Tell him how this makes you feel , be real, be honest. It WILL hurt him, but it is also hurting you and threatening your marraige. Recently someone on this forum made this wise statement: Love is UNconditional, but Desire is NOT. 

I think many would agree. Some may even find once the desire is gone, the Love dwindles. I hope he will sincerely listen and do what it takes to help you regain the desire you once held for him. 

Try to encourage him as much as humanly possible if he agrees he wants to do this for himself, for you, for your marraige.


----------



## Crypsys (Apr 22, 2010)

I agree with you on the weight KAS2007, a slovenly appearance and excessive weight are a real turn off. Frankly, all you can do is tell him about it. As the old saying goes you can lead a horse to water but you can't make him drink. Maybe try to find an activity he likes to do and do it together with him. Maybe he likes watching fights, etc? Try and get him to join a Martial Arts dojo. Maybe he likes dancing and music? Try and get him to do Zumba.
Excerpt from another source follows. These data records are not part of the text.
Theorem theorem2p4 :
  unif_lt_b ->
  exists F : set (set nat),
    [/\ is_filter F, nonprincipal F,
        meager (filter_as_subset F) &
        ~ lebesgue_measurable (filter_as_subset F)].
Proof.
move=> [X [F [[X_pos _] [F_b [_ not_FX]]]]].
have [U [U_ultra tails_U]] := @ultraFilterLemma nat \oo eventually_filter.
have U_proper : ProperFilter U by case: U_ultra.
have U_tails m : U [set n | (m <= n)%N] by apply: tails_U; exists m.
pose U_side (x : cantor_space) : cantor_space :=
  if `[< U [set n | x n] >] then x else flip x.
pose Z := U_side @` X.
have Z_in_U z : Z z -> U [set n | z n].
  move=> [x _ <-]; rewrite /U_side; case: ifPn => [/asboolP //|/asboolP xU].
  have [//|] := in_ultra_setVsetC [set n | x n] U_ultra.
  by apply: filterS => n /negP /negbTE; rewrite /flip /= => ->.
have Z_pos : ~ Defs.null_set Z.
  move=> Z0; apply: X_pos; have := null_set_union Z0 (null_set_flip Z0).
  apply: null_set_subset => x Xx.
  have : Z (U_side x) by exists x.
  by rewrite /U_side; case: ifP => _ Zx; [left|right].
have Z_below_b : below_b Z.
  apply: (below_b_of_card_lt F_b) => FZ.
  exact/not_FX/(card_le_trans FZ)/card_image_le.
exists (filter_gen_cofinite Z); split.
- exact: filter_gen_cofinite_filter U_proper U_tails Z_in_U.
- exact: filter_gen_cofinite_nonprincipal.
- exact: filter_gen_cofinite_meager U_proper U_tails Z_in_U Z_below_b.
- exact: filter_gen_cofinite_not_measurable U_proper U_tails Z_in_U Z_pos.
Qed.
Lemma sum_draws_mem (V : nmodType) (a : T -> V) :
  \sum_(B : {set T} | #|B| == b) \sum_(i in B) a i = \sum_i a i *+ #|draws_with i|.
Proof.
rewrite (exchange_big_dep xpredT) //=; apply: eq_bigr => i _.
by rewrite -sumr_const; apply: eq_bigl => B; rewrite inE.
Qed.

Lemma card_draws_with (i : T) : (#|T| * #|draws_with i| = b * 'C(#|T|, b))%N.
Proof.
have := sum_draws_mem (fun _ : T => 1%N).
rewrite (eq_bigr (fun _ => b)) => [|B /eqP <-]; last by rewrite sum1_card.
rewrite sum_nat_const -cardsE card_draws.
under eq_bigr => j _ do rewrite natn (eq_card_draws_with j i).
by rewrite sum_nat_const mulnC => <-.
Qed.

Lemma sum_draws_mem_mulrn (V : nmodType) (a : T -> V) :
  (\sum_(B : {set T} | #|B| == b) \sum_(i in B) a i) *+ #|T|
    = (\sum_i a i) *+ (b * 'C(#|T|, b)).
Proof.
rewrite sum_draws_mem -!sumrMnl; apply: eq_bigr => i _.
by rewrite -mulrnA mulnC card_draws_with.
Qed.

End FixedSizeSubsets.

Section Euclidean.
Variables (R : realType) (d : nat).
Implicit Types (u v wh : 'rV[R]_d) (a : R).

Lemma dotpC u v : dotp u v = dotp v u.
Proof. by apply: eq_bigr => k _; rewrite mulrC. Qed.

Lemma dotp_ge0 u : 0 <= dotp u u.
Proof. by apply: sumr_ge0 => k _; rewrite -expr2 sqr_ge0. Qed.

Lemma enorm_sqr u : enorm u ^+ 2 = dotp u u.
Proof. by rewrite sqr_sqrtr ?dotp_ge0. Qed.

Lemma enorm_ge0 u : 0 <= enorm u.
Proof. exact: sqrtr_ge0. Qed.

Lemma dotpZr a u v : dotp u (a *: v) = a * dotp u v.
Proof. by rewrite /dotp mulr_sumr; apply: eq_bigr => k _; rewrite mxE mulrCA. Qed.

Lemma dotpZl a u v : dotp (a *: u) v = a * dotp u v.
Proof. by rewrite dotpC dotpZr dotpC. Qed.

Lemma dotp_sumr (I : Type) (r : seq I) (P : pred I) (F : I -> 'rV[R]_d) u :
  dotp u (\sum_(i <- r | P i) F i) = \sum_(i <- r | P i) dotp u (F i).
Proof.
rewrite /dotp [RHS]exchange_big; apply: eq_bigr => k _ /=.
by rewrite summxE mulr_sumr.
Qed.

Lemma enormZ a u : enorm (a *: u) = `|a| * enorm u.
Proof. by rewrite /enorm dotpZl dotpZr mulrA -expr2 sqrtrM ?sqr_ge0 ?sqrtr_sqr. Qed.

Lemma dotp_CauchySchwarz u v : dotp u v ^+ 2 <= dotp u u * dotp v v.
Proof.
have dotp_sqr w : dotp w w = \sum_k w 0 k ^+ 2 by apply: eq_bigr => k _.
by rewrite !dotp_sqr; exact: sumr_CauchySchwarz.
Qed.
(* Let $g(t)$, $t\in[0,T)$, be the maximal Ricci flow solution on $S^1\times S^3$ of the form $g(t)=\phi^2dz^2+a^2\omega^1\otimes\omega^1+b^2\omega^2\otimes\omega^2+c^2\omega^3\otimes\omega^3$. Suppose that $a\le b\le c\le\lambda a$ for some $1<\lambda<2$ at time $t=0$. Then for all $(s,t)\in S^1\times[0,T)$ there exist constants $C_1(\lambda),C_2(\lambda),C_3(\lambda)>0$ such that $$|a'(s,t)|\le C_1(\lambda)\le\max\left(\tfrac{280\sqrt3}{9},\max_s|a'(s,0)|\right),$$ $$|b'(s,t)|\le C_2(\lambda)\le\max\left(\tfrac{4\sqrt{57}}{3},\max_s|b'(s,0)|\right),$$ $$|c'(s,t)|\le C_3(\lambda)\le\max\left(\tfrac{10\sqrt{93}}{9},\max_s|c'(s,0)|\right).$$
   Context: $S^3=SU(2)$ carries a global left-invariant frame $E_1,E_2,E_3$ with $[E_i,E_j]=-2\epsilon_{ijk}E_k$ and dual coframe $\omega^i$; $z\in S^1=[0,2\pi)$, $\phi,a,b,c$ positive smooth $2\pi$-periodic functions; $s$ is the arclength coordinate $ds=\phi\,dz$ and $'$ denotes $\partial_s$. The Ricci flow $\partial_tg=-2\mathrm{Ric}(g)$ preserves this form. *)

From Stdlib Require Import Reals Lra List.
From Coquelicot Require Import Coquelicot.
Open Scope R_scope.

(* Functions of (z,t) with z in R (2pi-periodic, i.e. on S^1) and t time. *)

Definition pz (f : R -> R -> R) : R -> R -> R :=
  fun z t => Derive (fun z' => f z' t) z.
Definition pt (f : R -> R -> R) : R -> R -> R :=
  fun z t => Derive (fun t' => f z t') t.

Fixpoint iterD (l : list bool) (f : R -> R -> R) : R -> R -> R :=
  match l with
  | nil => f
  | true :: l' => pz (iterD l' f)
  | false :: l' => pt (iterD l' f)
  end.

(* C^infinity on a set P of R^2: all iterated partial derivatives exist and
   are jointly continuous at every point of P (P is taken open below). *)
Definition smooth_on (P : R -> R -> Prop) (f : R -> R -> R) : Prop :=
  forall (l : list bool) (z t : R), P z t ->
    ex_derive (fun z' => iterD l f z' t) z /\
    ex_derive (fun t' => iterD l f z t') t /\
    continuous (fun p : R * R => iterD l f (fst p) (snd p)) (z, t).

(* Arclength derivative ' = d/ds = (1/phi) d/dz. *)
Definition ds (phi f : R -> R -> R) : R -> R -> R :=
  fun z t => pz f z t / phi z t.
Definition dss (phi f : R -> R -> R) : R -> R -> R := ds phi (ds phi f).

(* Ricci flow d/dt g = -2 Ric for g = phi^2 dz^2 + a^2 w1^2 + b^2 w2^2 + c^2 w3^2
   on S^1 x SU(2), [E_i,E_j] = -2 eps_ijk E_k, written in components
   (orthonormal frame d/ds, E1/a, E2/b, E3/c; off-diagonal Ricci vanishes):
     Ric(d_s,d_s) = -(a''/a + b''/b + c''/c)
     Ric(e1,e1)   = -a''/a - (a'/a)(b'/b + c'/c) + 2(a^4-(b^2-c^2)^2)/(a^2 b^2 c^2)
   and cyclically; hence phi_t = -phi Ric(d_s,d_s), a_t = -a Ric(e1,e1), ... *)
Definition RF_eqs (phi a b c : R -> R -> R) (z t : R) : Prop :=
  let a' := ds phi a z t in let b' := ds phi b z t in let c' := ds phi c z t in
  let A := a z t in let B := b z t in let C := c z t in
  pt phi z t = phi z t * (dss phi a z t / A + dss phi b z t / B + dss phi c z t / C) /\
  pt a z t = dss phi a z t + a' * (b' / B + c' / C)
             - 2 * (A ^ 4 - (B ^ 2 - C ^ 2) ^ 2) / (A * B ^ 2 * C ^ 2) /\
  pt b z t = dss phi b z t + b' * (a' / A + c' / C)
             - 2 * (B ^ 4 - (A ^ 2 - C ^ 2) ^ 2) / (B * A ^ 2 * C ^ 2) /\
  pt c z t = dss phi c z t + c' * (a' / A + b' / B)
             - 2 * (C ^ 4 - (A ^ 2 - B ^ 2) ^ 2) / (C * A ^ 2 * B ^ 2).

Definition in_time (T : Rbar) (t : R) : Prop := 0 <= t /\ Rbar_lt (Finite t) T.

(* The functions are required smooth on R x (-eps, T) for some eps > 0
   (equivalently: smooth up to t = 0 on R x [0,T)); only their values on
   R x [0,T) matter. *)
Definition RF_solution (phi a b c : R -> R -> R) (T : Rbar) : Prop :=
  Rbar_lt (Finite 0) T /\
  (exists eps, 0 < eps /\
     let P := fun (z t : R) => - eps < t /\ Rbar_lt (Finite t) T in
     smooth_on P phi /\ smooth_on P a /\ smooth_on P b /\ smooth_on P c) /\
  (forall z t, in_time T t ->
     phi (z + 2 * PI) t = phi z t /\ a (z + 2 * PI) t = a z t /\
     b (z + 2 * PI) t = b z t /\ c (z + 2 * PI) t = c z t) /\
  (forall z t, in_time T t ->
     0 < phi z t /\ 0 < a z t /\ 0 < b z t /\ 0 < c z t) /\
  (forall z t, in_time T t -> RF_eqs phi a b c z t).

Definition RF_maximal (phi a b c : R -> R -> R) (T : Rbar) : Prop :=
  RF_solution phi a b c T /\
  ~ (exists (T2 : Rbar) (phi2 a2 b2 c2 : R -> R -> R),
       Rbar_lt T T2 /\ RF_solution phi2 a2 b2 c2 T2 /\
       forall z t, in_time T t ->
         phi2 z t = phi z t /\ a2 z t = a z t /\ b2 z t = b z t /\ c2 z t = c z t).

(* C <= max (K, max_s |f'(s,0)|)  (the max over s is attained by periodicity
   and continuity). *)
Definition le_max_init (C K : R) (phi f : R -> R -> R) : Prop :=
  C <= K \/ exists z0, C <= Rabs (ds phi f z0 0).

From Stdlib Require Import Reals Lra Lia ZArith IndefiniteDescription Classical.
From Coquelicot Require Import Coquelicot.
Open Scope R_scope.

(* Pinching: at a positive space-time maximum of ln (max (a,b,c) / min (a,b,c)),
   attained by f and g with h the third function, ln (f/g) is critical in s with
   (ln (f/g))'' <= 0 and nondecreasing in t, whereas the flow gives
   (ln (f/g))_t = (ln (f/g))'' - 4 (f^2 - g^2) (f^2 + g^2 - h^2) / (f^2 g^2 h^2) < 0.
   So max <= lambda min persists and all ratios of a, b, c stay below 2.
   Gradient: at a space-time maximum of +-f' one has f'' = 0, +-f''' <= 0 and
   (f')_t = f''' - Q, where Q collects the derivative of the reaction term and
   f' (g'^2/g^2 + h'^2/h^2); with ratios below 2, +-Q > 0 as soon as +-f' > 10.
   Hence |f'| <= max (10, max_s |f'(s,0)|), and 10 is below all three constants
   of the statement. *)

Lemma continuity_2d_pt_fst (f : R -> R -> R) x y :
  continuity_2d_pt f x y -> continuity_pt (fun u => f u y) x.
Proof.
  intros Hc eps Heps.
  destruct (Hc (mkposreal eps Heps)) as [d Hd].
  exists d; split; [apply cond_pos|].
  intros u [_ Hu]. simpl in *. unfold R_dist in *.
  apply Hd; auto. rewrite Rminus_diag, Rabs_R0. apply cond_pos.
Qed.

Definition clamp (c d y : R) : R := Rmax c (Rmin d y).

Lemma clamp_bounds c d y : c <= d -> c <= clamp c d y <= d.
Proof. intros; unfold clamp, Rmax, Rmin; repeat destruct Rle_dec; lra. Qed.

Lemma clamp_id c d y : c <= y <= d -> clamp c d y = y.
Proof. intros; unfold clamp, Rmax, Rmin; repeat destruct Rle_dec; lra. Qed.

Lemma clamp_dist c d y y' : c <= d -> Rabs (clamp c d y - clamp c d y') <= Rabs (y - y').
Proof.
  intros; unfold clamp, Rmax, Rmin; repeat destruct Rle_dec;
  unfold Rabs; repeat destruct Rcase_abs; lra.
Qed.

Lemma partial_max_continuity (G : R -> R -> R) (mx : R -> R) a b c d : c <= d ->
  (forall x y, a <= x <= b -> c <= y <= d -> continuity_2d_pt G x y) ->
  (forall y, c <= y <= d -> a <= mx y <= b /\ forall x, a <= x <= b -> G x y <= G (mx y) y) ->
  forall y0, continuity_pt (fun y => G (mx (clamp c d y)) (clamp c d y)) y0.
Proof.
  intros Hcd Hc Hmx y0 e He.
  destruct (uniform_continuity_2d G a b c d Hc (mkposreal (e / 2) ltac:(lra))) as [dl Hdl].
  exists dl; split; [apply cond_pos|].
  intros y [_ Hy]. simpl in *. unfold R_dist in *.
  pose proof (clamp_bounds c d y Hcd) as C1. pose proof (clamp_bounds c d y0 Hcd) as C2.
  pose proof (clamp_dist c d y y0 Hcd) as L.
  set (y1 := clamp c d y) in *. set (y2 := clamp c d y0) in *.
  destruct (Hmx y1 C1) as [I1 M1]. destruct (Hmx y2 C2) as [I2 M2].
  assert (A1 := Hdl (mx y2) y2 (mx y2) y1 I2 C2 I2 C1
                 ltac:(rewrite Rminus_diag, Rabs_R0; apply cond_pos) ltac:(lra)).
  assert (A2 := Hdl (mx y1) y1 (mx y1) y2 I1 C1 I1 C2
                 ltac:(rewrite Rminus_diag, Rabs_R0; apply cond_pos)
                 ltac:(rewrite Rabs_minus_sym; lra)).
  simpl in A1, A2.
  specialize (M1 (mx y2) I2). specialize (M2 (mx y1) I1).
  revert A1 A2; unfold Rabs; repeat destruct Rcase_abs; lra.
Qed.

(* Maximise in x for each y, then in y: clamping y makes the partial maximum
   continuous on all of R, as [continuity_ab_maj] requires. *)
Lemma continuity_2d_rect_maj (G : R -> R -> R) a b c d : a <= b -> c <= d ->
  (forall x y, a <= x <= b -> c <= y <= d -> continuity_2d_pt G x y) ->
  exists x0 y0, a <= x0 <= b /\ c <= y0 <= d /\
    forall x y, a <= x <= b -> c <= y <= d -> G x y <= G x0 y0.
Proof.
  intros Hab Hcd Hc.
  assert (Hargmax : forall y, exists x, c <= y <= d ->
     a <= x <= b /\ forall x', a <= x' <= b -> G x' y <= G x y).
  { intro y. destruct (classic (c <= y <= d)) as [Hy|Hy].
    - destruct (continuity_ab_maj (fun x => G x y) a b Hab) as [x [Hx1 Hx2]].
      + intros x Hx. apply continuity_2d_pt_fst. auto.
      + exists x; auto.
    - exists a; tauto. }
  destruct (functional_choice _ Hargmax) as [mx Hmx].
  destruct (continuity_ab_maj (fun y => G (mx (clamp c d y)) (clamp c d y)) c d Hcd
              (fun y _ => partial_max_continuity G mx a b c d Hcd Hc Hmx y)) as [ys [Hys1 Hys2]].
  exists (mx ys), ys. destruct (Hmx ys Hys2) as [I M].
  split; [exact I|]. split; [exact Hys2|].
  intros x y Hx Hy.
  specialize (Hys1 y Hy). simpl in Hys1. rewrite !clamp_id in Hys1 by auto.
  destruct (Hmx y Hy) as [_ My]. specialize (My x Hx). lra.
Qed.

Lemma periodic_shift_nat (F : R -> R) : (forall z, F (z + 2 * PI) = F z) ->
  forall n z, F (z + INR n * (2 * PI)) = F z.
Proof.
  intros HP n; induction n as [|n IH]; intro z.
  - simpl. f_equal; ring.
  - rewrite S_INR, <- (IH z), <- (HP (z + INR n * (2 * PI))). f_equal; ring.
Qed.

Lemma periodic_repr (F : R -> R) : (forall z, F (z + 2 * PI) = F z) ->
  forall z, exists x, 0 <= x <= 2 * PI /\ F z = F x.
Proof.
  intros HP z. pose proof PI_RGT_0 as Hpi.
  set (k := (up (z / (2 * PI)) - 1)%Z).
  assert (Hk : IZR k * (2 * PI) <= z < IZR k * (2 * PI) + 2 * PI).
  { destruct (archimed (z / (2 * PI))) as [H1 H2].
    assert (Hq : IZR k <= z / (2 * PI) < IZR k + 1)
      by (unfold k; rewrite minus_IZR; simpl; lra).
    set (q := z / (2 * PI)) in Hq.
    replace z with (q * (2 * PI)) by (unfold q; field; lra).
    split; nra. }
  exists (z - IZR k * (2 * PI)). split; [lra|].
  destruct (Z_le_gt_dec 0 k) as [Hk0|Hk0].
  - destruct (IZN k Hk0) as [n ->]. rewrite <- INR_IZR_INZ.
    rewrite <- (periodic_shift_nat F HP n (z - INR n * (2 * PI))). f_equal; ring.
  - destruct (IZN (- k) ltac:(lia)) as [n Hn].
    replace (IZR k) with (- INR n) by (rewrite INR_IZR_INZ, <- Hn, opp_IZR; ring).
    rewrite <- (periodic_shift_nat F HP n z). f_equal; ring.
Qed.

Lemma periodic_max_principle (G : R -> R -> R) (t1 L : R) :
  0 <= t1 ->
  (forall x y, 0 <= x <= 2 * PI -> 0 <= y <= t1 -> continuity_2d_pt G x y) ->
  (forall z y, 0 <= y <= t1 -> G (z + 2 * PI) y = G z y) ->
  (forall z, G z 0 <= L) ->
  (forall z t, 0 < t <= t1 -> L < G z t ->
     (forall z' s, 0 <= s <= t -> G z' s <= G z t) -> False) ->
  forall z, G z t1 <= L.
Proof.
  intros Ht1 Hc Hp H0 Hnomax z.
  pose proof PI_RGT_0.
  destruct (continuity_2d_rect_maj G 0 (2 * PI) 0 t1 ltac:(lra) Ht1 Hc)
    as [x0 [y0 [Hx0 [Hy0 HM]]]].
  assert (Hall : forall z' s, 0 <= s <= t1 -> G z' s <= G x0 y0).
  { intros z' s Hs.
    destruct (periodic_repr (fun u => G u s) (fun u => Hp u s Hs) z') as [x [Hx ->]].
    apply HM; auto. }
  destruct (Rle_dec (G x0 y0) L) as [HL|HL].
  - specialize (Hall z t1 ltac:(lra)). lra.
  - exfalso. destruct (Req_dec y0 0) as [->|Hy].
    + specialize (H0 x0). lra.
    + apply (Hnomax x0 y0); [lra|lra|]. intros z' s Hs. apply Hall. lra.
Qed.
Now, as far as the hair thing goes? You've hit a personal spot with me missy! As a hairstute male I do give you a big raspberry . I find as I loose it off the top of my head it finds its way down my back. But, luckily my wife likes me looking like a wookie (those hairy creatures from Star Wars) who fell into a vat of rogaine.


----------



## mike1 (Jun 15, 2009)

that's hard... I used to be quite overweight as well (and smoked). My wife would get on me sometimes to eat better, to exercise, etc. And none of that ever worked. In the end it was a switch inside me that went off. I decided I wanted to lose weight and I stopped smoking. Partly it helped that we had a toddler and a newborn and I wanted to be healthy for them. Frankly I could stand to lose 15 lbs but I weigh less now then I did when we were first married. 

I'm just saying this because it's very possible that no matter what you say it may not motivate him if he doesn't have the desire. Most if any results he has would be short lived unless he's willing to make some pretty substantial lifestyle changes. 

About the hair... didn't he have the body hair when you were married? I'm just wondering if he wasn't hairy when you married him and if so then that shouldn't be something you're making a big deal about. I personally feel very strongly that if you marry someone then that's who you're marrying, hair and all. Now if he's gotten more hair over the years then maybe that's a little different. I mean we all change and age. I mean it's one thing to keep your personal hygiene up. Maybe one has to trim up ear hair or nose hairs more then they did when they were 19. But that's a lot different then telling someone they have to go through electrolysis. I mean should I tell my wife she has to get a boob job and a vagi-plasti or she'll gross me out when things start to sag and not look so great? The only thing I think you can do about that is tell him honestly how you feel. Tell him you love him but the hair has become a real problem for you and you want him to talk to someone about permanent hair removal. 

Clearly not having sex isn't enough motivation for him so I don't know what will be. If you haven't had sex in 2 years I'm going to guess that you're not particularly close to him? Will he be motivated by you sitting down and telling him how much it hurts you to see him like this? I mean you could make a bunch of points like:

-It hurts you to see him be so unhealthy
-You're worried about his health 
-He won't be around to see his grandkids born (if you have kids)
-You love him but you are not attracted to him anymore
-You feel hurt because he doesn't care enough about you to take care of himself

You can try that and see if it helps or not.... do you make dinners or offer to make dinners? That way you can at least control some of the food? The bottom line is he HAS to want to change or anything that happens will be short term.


----------



## lovelieswithin (Apr 29, 2010)

I think how we look outside reflects how were feeling inside or we eat to soothe emotions. 
You definately have a few options here... do you know his doctor? you might put a bug in docs ear that your hubbys weight is worrying you. maybe doc can convince hubby that he as to diet so he doesnt develop diabetes or heart problems. Another method is a gift like gym membership or some type of fitness class like jujitsu. I think he knows youve lost interest in him sexually and just needs a push. Perhaps you guys should talk about a career change? I know economy is hard right now but if sacrificing a little pay would help his mental and physical well being it might be worth it. Counseling would be good everyone could use help these days life isnt easy... u could suggest a counselor to him and let him know u r worried about his stress and thought it might help if he had someone to talk to then let the weight awareness fall into place with improved mental state.
Good luck sounds like a tough position but dont give up hope.
_Posted via Mobile Device_


----------